GOAL OF THE EXERCISE: Print each entry word for word.

== == ==

Lemma kup_triangular (x y : T) : upward x -> upward y ->
  kcoef k (kup x) y != 0 -> x = y \/ (key x < key y)%N.
Proof.
move=> upx upy nz.
have cyx : kcontent y = kcontent x.
  by rewrite (kcontent_kcoef nz) (kcontent_kcoef (kcoef_kup upx)).
move: upx upy; rewrite /upward.
case pivx: (pivot x) => [v|] // vx; case pivy: (pivot y) => [v'|] // vy.
case/kcoef_neq0P: nz => w []; rewrite (kup_set pivx) => wx y1 y2.
have [wv | wv] := eqVneq w v.
  left; apply: eq_kbasis_type; first by rewrite y1 wv setU1K.
  move=> u; rewrite y2 (kup_exp _ pivx) wv.
  case: eqVneq => [->|_]; last by rewrite subn0 addn0.
  by rewrite subn1 addn1 prednK // (upward_exp_gt0 pivx vx).
have vy1 : v \in y.1 by rewrite y1 !inE eqxx orTb andbT eq_sym.
have [piv_eq | //] : pivot y = pivot x \/ (key x < key y)%N; last by right.
  case sq: (square_var (kcontent x)) => [s|]; first by left; rewrite /pivot cyx sq.
  have wx' : w \in x.1 by move: wx; rewrite !inE (negbTE wv).
  apply: (pivot_or_key_lt (w := w)) => //.
  - exact: squarefree_exp0.
  - by rewrite y2 (kup_exp _ pivx) eqxx addn1.
  - move=> u uV uw; rewrite y2 (kup_exp _ pivx) (negbTE uw) addn0.
    have /negbTE -> : u != v.
      by apply: contraNneq uV => ->; apply: pivot_distinguished sq pivx.
    by rewrite subn0.
have v'v : v' = v by move: piv_eq; rewrite pivy pivx => -[].
by subst v'; rewrite vy1 in vy.
Qed.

== == ==

TASK OUTPUT:
Lemma kup_triangular (x y : T) : upward x -> upward y ->
  kcoef k (kup x) y != 0 -> x = y \/ (key x < key y)%N.
Proof.
move=> upx upy nz.
have cyx : kcontent y = kcontent x.
  by rewrite (kcontent_kcoef nz) (kcontent_kcoef (kcoef_kup upx)).
move: upx upy; rewrite /upward.
case pivx: (pivot x) => [v|] // vx; case pivy: (pivot y) => [v'|] // vy.
case/kcoef_neq0P: nz => w []; rewrite (kup_set pivx) => wx y1 y2.
have [wv | wv] := eqVneq w v.
  left; apply: eq_kbasis_type; first by rewrite y1 wv setU1K.
  move=> u; rewrite y2 (kup_exp _ pivx) wv.
  case: eqVneq => [->|_]; last by rewrite subn0 addn0.
  by rewrite subn1 addn1 prednK // (upward_exp_gt0 pivx vx).
have vy1 : v \in y.1 by rewrite y1 !inE eqxx orTb andbT eq_sym.
have [piv_eq | //] : pivot y = pivot x \/ (key x < key y)%N; last by right.
  case sq: (square_var (kcontent x)) => [s|]; first by left; rewrite /pivot cyx sq.
  have wx' : w \in x.1 by move: wx; rewrite !inE (negbTE wv).
  apply: (pivot_or_key_lt (w := w)) => //.
  - exact: squarefree_exp0.
  - by rewrite y2 (kup_exp _ pivx) eqxx addn1.
  - move=> u uV uw; rewrite y2 (kup_exp _ pivx) (negbTE uw) addn0.
    have /negbTE -> : u != v.
      by apply: contraNneq uV => ->; apply: pivot_distinguished sq pivx.
    by rewrite subn0.
have v'v : v' = v by move: piv_eq; rewrite pivy pivx => -[].
by subst v'; rewrite vy1 in vy.
Qed.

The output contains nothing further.